Способность найти верное решение спектакля через точно найденную манеру актерского исполнения и умение практически реализовать это решение в работе с актерами определяют профессиональную квалификацию режиссера.

Если найден ответ на основной вопрос о том, как нужно играть в данном спектакле, то уже не так трудно решить и остальные вопросы, касающиеся всех вспомогательных элементов спектакля, в том числе и такого важного элемента, как внешнее оформление.

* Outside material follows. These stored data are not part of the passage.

(* Let $n_\text{in}\ge1$, $n_\text{out}\in\{2,3\}$, $\mathbf{W}\in\mathbb{R}^{n_\text{out}\times n_\text{in}}$, $\mathbf{b}\in\mathbb{R}^{n_\text{out}}$, $\mathbf{c}\in\mathbb{R}^{n_\text{in}}$, $\mathbf{U}=[\mathbf{u}_1\,\ldots\,\mathbf{u}_{n_\text{in}}]\in\mathbb{R}^{n_\text{in}\times n_\text{in}}$. For $r\in[0,1]$ let $\mathcal{P}(\mathbf{U})=\{\mathbf{c}+\sum_j\lambda_j\mathbf{u}_j:\lambda\in[0,1]^{n_\text{in}}\}$, $\mathcal{P}(\mathbf{U}^L_r)=\{\mathbf{c}+\lambda_1 r\mathbf{u}_1+\sum_{j\ge2}\lambda_j\mathbf{u}_j:\lambda\in[0,1]^{n_\text{in}}\}$, $\mathcal{P}(\mathbf{U}^R_r)=\{\mathbf{c}+r\mathbf{u}_1+\lambda_1(1-r)\mathbf{u}_1+\sum_{j\ge2}\lambda_j\mathbf{u}_j:\lambda\in[0,1]^{n_\text{in}}\}$, let $\mathcal{P}(\mathbf{V}),\mathcal{P}(\mathbf{V}^L_r),\mathcal{P}(\mathbf{V}^R_r)$ be their images under $\mathbf{x}\mapsto\mathbf{W}\mathbf{x}+\mathbf{b}$, and define $V_\text{red}(r)=\mathrm{Vol}(\mathcal{B}(\mathbf{V}))-\mathrm{Vol}(\mathcal{B}(\mathbf{V}^L_r)\cup\mathcal{B}(\mathbf{V}^R_r))$. Then $r=\tfrac12$ maximizes $V_\text{red}(r)$ over $r\in[0,1]$.
   Context: For a parallelotope $\mathcal{P}\subset\mathbb{R}^{n_\text{out}}$, $\mathcal{B}(\cdot)$ denotes the smallest axis-aligned hyperrectangle containing it (the Cartesian product over coordinates of the interval between the minimal and maximal coordinate of its vertices); $\mathrm{Vol}$ is $n_\text{out}$-dimensional Lebesgue volume. *)

From HB Require Import structures.
From mathcomp Require Import all_boot all_order all_algebra.
From mathcomp Require Import all_classical all_reals all_analysis.
Set Implicit Arguments. Unset Strict Implicit. Unset Printing Implicit Defensive.
Import Order.TTheory GRing.Theory Num.Theory.
Local Open Scope classical_set_scope.
Local Open Scope ring_scope.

О внешнем оформлении спектакля

Задача режиссера в отношении внешнего оформления состоит в том, чтобы направить творчество художника на поиски такой внешней среды для игры актеров, которая помогала бы им раскрывать содержание каждой сцены, осуществлять заданные им действия и выявлять через них свои переживания. Станиславский соглашался, что «пышная постановка, богатая мизансцена, живопись, танцы, народные сцены радуют глаз и ухо», больше того, он признавал, что «они волнуют и душу», но считал при этом, что они «не проникают так глубоко в нее, как переживания артистов». Он утверждал: «Не режиссерская постановка, а они (переживания) вскрывают сердечные глубины артистов и зрителей для их взаимного слияния». Разумеется, внешние формы сценической выразительности могут быть самыми разнообразными, и мера сценической условности в них может быть самой различной. Это зависит от особенностей драматургического произведения и его режиссерской интерпретации. Однако два закона, которым должно подчиняться внешнее оформление спектакля, кажутся мне обязательными во всех случаях.

Во-первых, режиссер и художник должны стремиться найти для актерской игры в данном спектакле такую внешнюю среду (вещественную, декоративную, музыкальную, звуковую), которая помогла бы выявлению смысла пьесы и возникающих на сцене человеческих переживаний. Это стремление решительно не имеет ничего общего с желанием поразить зрителя внешними эффектами.

Во-вторых, внешнее оформление в театре никогда не должно заключать в себе все, из чего состоит живущий в воображении режиссера или художника образ. Всегда следует оставлять кое-что на долю творческого воображения зрителя. Вещественный мир, находящийся на сцене, должен будить фантазию зрителя в нужном направлении, чтобы она могла создать целое на основании тщательно подобранных художником характерных признаков.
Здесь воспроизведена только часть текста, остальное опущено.